- PROMPT:
Taking the line that contains "Lemma diff_in_Lspace i" as the first and the final line of the records as the last, write out every line between them exactly, ends included, and nothing else.

Dataset records

▽

(* Let $(G_k,y)$ be a mass-action system with exactly one terminal strong component ($t=1$), considered as a single (independent) subnetwork, and assume $\ker(YR_k)\cap\mathbb{R}^{V_s}_{>0}\neq\emptyset$. Then (1) $K=L=S$, and (2) $d=\delta+t'-1$.
   Context: A reaction network $(G,y)$: finite simple digraph $G=(V,E)$ and map $y:V\to\mathbb{R}^n$; rate constants $k\in\mathbb{R}^E_{>0}$. $V_s$: source vertices (with an outgoing edge). $Y\in\mathbb{R}^{n\times V}$ has columns $y(i)$. The rectangular Laplacian $R_k\in\mathbb{R}^{V\times V_s}$ has $(R_k)_{i,j}=k_{j\to i}$ if $(j\to i)\in E$, $(R_k)_{j,j}=-\sum_{(j\to i')\in E}k_{j\to i'}$, $0$ otherwise. $S=\operatorname{span}\{y(i')-y(i):(i\to i')\in E\}$, $K=\operatorname{im}(YR_k)$, $L=\operatorname{span}\{y(i)-y(i'):i,i'\in V_s\}$. A terminal strong component is a strongly connected component with no edge leaving it; $t$ is their number and $t'$ the number of those with at least two vertices. $l$ is the number of weakly connected components; deficiency $\delta=|V|-l-\dim S$; dependency $d=|V_s|-1-\dim L$. *)

From HB Require Import structures.
From mathcomp Require Import all_boot all_order all_algebra.
Set Implicit Arguments. Unset Strict Implicit. Unset Printing Implicit Defensive.
Import Order.TTheory GRing.Theory Num.Theory.
Local Open Scope ring_scope.

(* A reaction network: vertex set V (finType), edge relation E : rel V
   (simple digraph: irreflexive, at most one edge i -> i'), complex map
   y : V -> 'rV[R]_n, rate constants k : V -> V -> R (k i i' is the rate of
   the edge i -> i', only used on edges). *)

Section RN.
Variables (R : fieldType) (V : finType) (n : nat).
Variables (E : rel V) (y : V -> 'rV[R]_n) (k : V -> V -> R).

Definition Vs : {set V} := [set i | [exists j, E i j]].

(* rectangular Laplacian entry (R_k)_{i,j}, i in V, j in V_s *)
Definition Rk (i j : V) : R :=
  if E j i then k j i
  else if i == j then - \sum_(i' | E j i') k j i' else 0.

Definition YRk_col (j : V) : 'rV[R]_n := \sum_(i : V) Rk i j *: y i.

Definition Sspace : {vspace 'rV[R]_n} :=
  <<[seq y p.2 - y p.1 | p <- enum [pred p : V * V | E p.1 p.2]]>>%VS.

Definition Kspace : {vspace 'rV[R]_n} :=
  <<[seq YRk_col j | j <- enum Vs]>>%VS.

Definition Lspace : {vspace 'rV[R]_n} :=
  <<[seq y p.1 - y p.2 | p <- enum [pred p : V * V | (p.1 \in Vs) && (p.2 \in Vs)]]>>%VS.

Definition symE : rel V := fun i j => E i j || E j i.
Definition nlink : nat := n_comp symE predT.

Definition scc (x : V) : {set V} := [set z | connect E x z && connect E z x].
Definition terminal (C : {set V}) : bool :=
  [forall z in C, forall w, E z w ==> (w \in C)].
Definition tscs : {set {set V}} := [set scc x | x in [pred x | terminal (scc x)]].
Definition tnum : nat := #|tscs|.
Definition tnum' : nat := #|[set C in tscs | (1 < #|C|)%N]|.

Definition deficiency : int := (#|V|%:Z - (nlink)%:Z - (\dim Sspace)%:Z)%R.
Definition dependency : int := (#|Vs|%:Z - 1 - (\dim Lspace)%:Z)%R.

End RN.

From HB Require Import structures.
From mathcomp Require Import all_boot all_order all_algebra.
From mathcomp Require Import zify.
Set Implicit Arguments. Unset Strict Implicit. Unset Printing Implicit Defensive.
Import Order.TTheory GRing.Theory Num.Theory.
Local Open Scope ring_scope.

(* With t = 1 every vertex reaches a vertex x0 of the unique terminal strong
   component, and a non-source vertex, being a terminal component on its own,
   must be x0.  Chaining edges along paths to x0 puts every y b - y a in S,
   whence K, L <= S.  For S <= K: a vector annihilating the rows of the
   Laplacian is harmonic, hence constant by the maximum principle along paths
   to x0, so the Laplacian's row space contains every zero-sum vector, such as
   e_b - e_a.  For S <= L only an edge a -> x0 into a non-source x0 matters:
   R_k c is positive at x0 and Y R_k c = 0, which expresses y x0 - y a through
   differences of sources.  Part (2) is a count: l = 1, and either x0 is a
   source, so V_s = V and t' = 1, or V_s = V \ {x0} and t' = 0. *)

Section Graph.
Variables (V : finType) (E : rel V).

Lemma in_Vs j : (j \in Vs E) = [exists i, E j i].
Proof. by rewrite inE. Qed.

Lemma connect_nonsource b z : b \notin Vs E -> connect E b z -> z = b.
Proof.
rewrite in_Vs => /existsPn nb /connectP [[|c p] /= Hp ->] //.
by move: Hp => /andP[]; rewrite (negbTE (nb c)).
Qed.

Lemma scc_refl x : x \in scc E x.
Proof. by rewrite inE connect0. Qed.

Lemma scc_nonsource b : b \notin Vs E -> scc E b = [set b].
Proof.
move=> Hb; apply/setP => z; rewrite !inE.
apply/idP/idP => [/andP [Hbz _] | /eqP ->]; last by rewrite connect0.
by rewrite (connect_nonsource Hb Hbz).
Qed.

Lemma terminal_scc_nonsource b : b \notin Vs E -> terminal E (scc E b).
Proof.
move=> Hb; rewrite scc_nonsource //; apply/forall_inP => z; rewrite inE => /eqP ->.
apply/forallP => w; apply/implyP => Ebw.
by move: Hb; rewrite in_Vs => /existsPn /(_ w); rewrite Ebw.
Qed.

(* A vertex z reachable from x whose forward closure is minimal spans a
   terminal strong component. *)
Lemma connect_terminal_scc x : exists2 z, connect E x z & terminal E (scc E z).
Proof.
pose reach z := #|[set w | connect E z w]|.
have [z Hxz Hmin] := arg_minnP reach (connect0 E x).
exists z => //; apply/forall_inP => w; rewrite inE => /andP [Hzw _].
apply/forallP => w'; apply/implyP => Eww'.
have Hzw' : connect E z w' by apply: connect_trans Hzw (connect1 Eww').
rewrite inE Hzw' /=.
have Hsub : [set v | connect E w' v] \subset [set v | connect E z v].
  by apply/subsetP => v; rewrite !inE; apply: connect_trans.
have /eqP Heq : [set v | connect E w' v] == [set v | connect E z v].
  by rewrite eqEcard Hsub Hmin // (connect_trans Hxz Hzw').
have : z \in [set v | connect E w' v] by rewrite Heq inE connect0.
by rewrite inE.
Qed.

Lemma tnum1_root : tnum E = 1%N ->
  exists x0, [/\ forall x, connect E x x0, tscs E = [set scc E x0]
               & terminal E (scc E x0)].
Proof.
move=> /eqP/cards1P [C0 HC0].
have : C0 \in tscs E by rewrite HC0 set11.
case/imsetP => x0; rewrite inE => Hterm HC; subst C0.
exists x0; split => // x.
have [z Hxz Hz] := connect_terminal_scc x.
have : scc E z \in tscs E by apply/imsetP; exists z; rewrite ?inE.
rewrite HC0 inE => /eqP Hzz.
have : x0 \in scc E z by rewrite Hzz scc_refl.
by rewrite inE => /andP [Hzx0 _]; apply: connect_trans Hxz Hzx0.
Qed.

Section Rooted.
Variable x0 : V.
Hypothesis reach_x0 : forall x, connect E x x0.
Hypothesis tscs_x0 : tscs E = [set scc E x0].
Hypothesis terminal_x0 : terminal E (scc E x0).

Lemma nonsource_root b : b \notin Vs E -> b = x0.
Proof.
move=> Hb; have : scc E b \in tscs E.
  by apply/imsetP; exists b; rewrite // inE terminal_scc_nonsource.
rewrite tscs_x0 inE scc_nonsource // => /eqP Hx0.
by have := scc_refl x0; rewrite -Hx0 inE => /eqP.
Qed.

Lemma nlink_rooted : nlink E = 1%N.
Proof.
have Hsym : connect_sym (symE E).
  by apply: sym_connect_sym => a b; rewrite /symE orbC.
rewrite /nlink -(n_comp_connect Hsym x0).
apply: eq_n_comp_r => x; rewrite !inE /= Hsym.
apply/esym; apply: (connect_sub _ (reach_x0 x)) => a b Eab.
by apply: connect1; rewrite /symE Eab.
Qed.

Lemma tnum'_rooted : tnum' E = (1 < #|scc E x0|)%N.
Proof.
rewrite /tnum' tscs_x0; case H: (1 < #|scc E x0|)%N => /=.
  rewrite (_ : [set C in _ | _] = [set scc E x0]) ?cards1 //.
  by apply/setP => C; rewrite !inE; case: eqP => // ->; rewrite H.
apply/eqP; rewrite cards_eq0; apply/eqP/setP => C.
by rewrite !inE; case: eqP => // ->; rewrite H.
Qed.

Hypothesis E_irrefl : forall i, ~~ E i i.

Lemma card_Vs_rooted : (#|Vs E| + 1 = #|V| + tnum' E)%N.
Proof.
rewrite tnum'_rooted; have [Hx0 | Hx0] := boolP (x0 \in Vs E).
  have -> : Vs E = [set: V].
    apply/setP => v; rewrite in_setT.
    by apply: contraLR Hx0 => Hv; rewrite -(nonsource_root Hv).
  have [z Ez] : exists z, E x0 z by apply/existsP; rewrite -in_Vs.
  have Hz : z \in scc E x0.
    by move/forall_inP/(_ x0 (scc_refl x0))/forallP/(_ z): terminal_x0; rewrite Ez.
  suff -> : (1 < #|scc E x0|)%N by rewrite cardsT.
  apply/card_gt1P; exists x0, z; split; rewrite ?scc_refl //.
  by apply: contraTneq Ez => <-; apply: E_irrefl.
have -> : Vs E = [set~ x0].
  apply/setP => v; rewrite in_setC1.
  by apply/idP/idP => [|Hv]; [apply: contraTneq => -> | apply: contraR Hv => /nonsource_root ->].
rewrite scc_nonsource // cards1 cardsC1.
have : (0 < #|V|)%N by apply/card_gt0P; exists x0.
by rewrite /=; lia.
Qed.

End Rooted.
End Graph.

Section Laplacian.
Variables (R : fieldType) (V : finType) (n : nat).
Variables (E : rel V) (y : V -> 'rV[R]_n) (k : V -> V -> R).
Hypothesis E_irrefl : forall i, ~~ E i i.

Lemma RkE i j : Rk E k i j =
  (if E j i then k j i else 0) - (i == j)%:R * \sum_(i' | E j i') k j i'.
Proof.
rewrite /Rk; case: ifP => Eji.
  case: eqP => [eij|_]; last by rewrite mul0r subr0.
  by subst i; move: (E_irrefl j); rewrite Eji.
by case: eqP => _; rewrite ?mul1r ?mul0r sub0r ?oppr0.
Qed.

Lemma sum_Rk_mul (z : V -> R) j : \sum_i Rk E k i j * z i =
  \sum_(i | E j i) k j i * z i - (\sum_(i | E j i) k j i) * z j.
Proof.
under eq_bigr do rewrite RkE mulrBl (fun_if (fun c => c * z _)) mul0r.
rewrite sumrB -big_mkcond; congr (_ - _).
rewrite (bigD1 j) //= eqxx mul1r [X in _ + X]big1 ?addr0 // => i /negbTE ->.
by rewrite !mul0r.
Qed.

Lemma sum_Rk j : \sum_i Rk E k i j = 0.
Proof.
have := sum_Rk_mul (fun=> 1) j; under eq_bigr do rewrite mulr1.
by rewrite mulr1 -big_distrl /= mulr1 subrr.
Qed.

Lemma YRk_colE j : YRk_col E y k j = \sum_(i | E j i) k j i *: (y i - y j).
Proof.
rewrite /YRk_col.
under eq_bigr do rewrite RkE scalerBl (fun_if (fun c => c *: y _)) scale0r.
rewrite sumrB -big_mkcond.
under [RHS]eq_bigr do rewrite scalerBr; rewrite sumrB -scaler_suml; congr (_ - _).
rewrite (bigD1 j) //= eqxx mul1r [X in _ + X]big1 ?addr0 // => i /negbTE ->.
by rewrite mul0r scale0r.
Qed.

Lemma YRk_col_nonsource j : j \notin Vs E -> YRk_col E y k j = 0.
Proof.
rewrite in_Vs => /existsPn nj; rewrite /YRk_col big1 // => i _.
rewrite /Rk (negbTE (nj i)) big_pred0 => [|i']; last exact: negbTE.
by rewrite oppr0 if_same scale0r.
Qed.

Lemma edge_in_Sspace a b : E a b -> y b - y a \in Sspace E y.
Proof. by move=> Eab; apply: memv_span; apply/mapP; exists (a, b); rewrite ?mem_enum. Qed.

Lemma YRk_col_in_Sspace j : YRk_col E y k j \in Sspace E y.
Proof.
by rewrite YRk_colE; apply: memv_suml => i Eji; rewrite memvZ // edge_in_Sspace.
Qed.

Lemma YRk_col_in_Kspace j : YRk_col E y k j \in Kspace E y k.
Proof.
have [Hj | Hj] := boolP (j \in Vs E); last by rewrite YRk_col_nonsource ?mem0v.
by apply: memv_span; apply/mapP; exists j; rewrite ?mem_enum.
Qed.

Lemma diff_in_Lspace i j : i \in Vs E -> j \in Vs E -> y i - y j \in Lspace E y.
Proof.
by move=> Hi Hj; apply: memv_span; apply/mapP; exists (i, j); rewrite // mem_enum; apply/andP.
Qed.

Lemma diff_in_Sspace_rooted x0 : (forall x, connect E x x0) ->
  forall a b, y b - y a \in Sspace E y.
Proof.
move=> reach_x0.
suff Hx0 a : y x0 - y a \in Sspace E y.
  move=> a b; have -> : y b - y a = (y x0 - y a) - (y x0 - y b).
    by rewrite opprB [RHS]addrC addrA subrK.
  exact: memvB.
have /connectP [p Hp ->] := reach_x0 a.
elim: p a Hp => [|c p IH] a /=; first by rewrite subrr mem0v.
case/andP => Eac /IH /(memvD (edge_in_Sspace Eac)).
by rewrite addrC addrA subrK.
Qed.

End Laplacian.

Section Harmonic.
Variables (R : realFieldType) (V : finType) (E : rel V) (k : V -> V -> R).
Hypothesis E_irrefl : forall i, ~~ E i i.
Hypothesis k_pos : forall i j, E i j -> 0 < k i j.

Definition harmonic (z : V -> R) := forall j, \sum_i Rk E k i j * z i = 0.

Lemma harmonicN z : harmonic z -> harmonic (fun i => - z i).
Proof. by move=> Hz j; under eq_bigr do rewrite mulrN; rewrite sumrN Hz oppr0. Qed.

△

- YOUR RESPONSE:
Lemma diff_in_Lspace i j : i \in Vs E -> j \in Vs E -> y i - y j \in Lspace E y.
Proof.
by move=> Hi Hj; apply: memv_span; apply/mapP; exists (i, j); rewrite // mem_enum; apply/andP.
Qed.

Lemma diff_in_Sspace_rooted x0 : (forall x, connect E x x0) ->
  forall a b, y b - y a \in Sspace E y.
Proof.
move=> reach_x0.
suff Hx0 a : y x0 - y a \in Sspace E y.
  move=> a b; have -> : y b - y a = (y x0 - y a) - (y x0 - y b).
    by rewrite opprB [RHS]addrC addrA subrK.
  exact: memvB.
have /connectP [p Hp ->] := reach_x0 a.
elim: p a Hp => [|c p IH] a /=; first by rewrite subrr mem0v.
case/andP => Eac /IH /(memvD (edge_in_Sspace Eac)).
by rewrite addrC addrA subrK.
Qed.

End Laplacian.

Section Harmonic.
Variables (R : realFieldType) (V : finType) (E : rel V) (k : V -> V -> R).
Hypothesis E_irrefl : forall i, ~~ E i i.
Hypothesis k_pos : forall i j, E i j -> 0 < k i j.

Definition harmonic (z : V -> R) := forall j, \sum_i Rk E k i j * z i = 0.

Lemma harmonicN z : harmonic z -> harmonic (fun i => - z i).
Proof. by move=> Hz j; under eq_bigr do rewrite mulrN; rewrite sumrN Hz oppr0. Qed.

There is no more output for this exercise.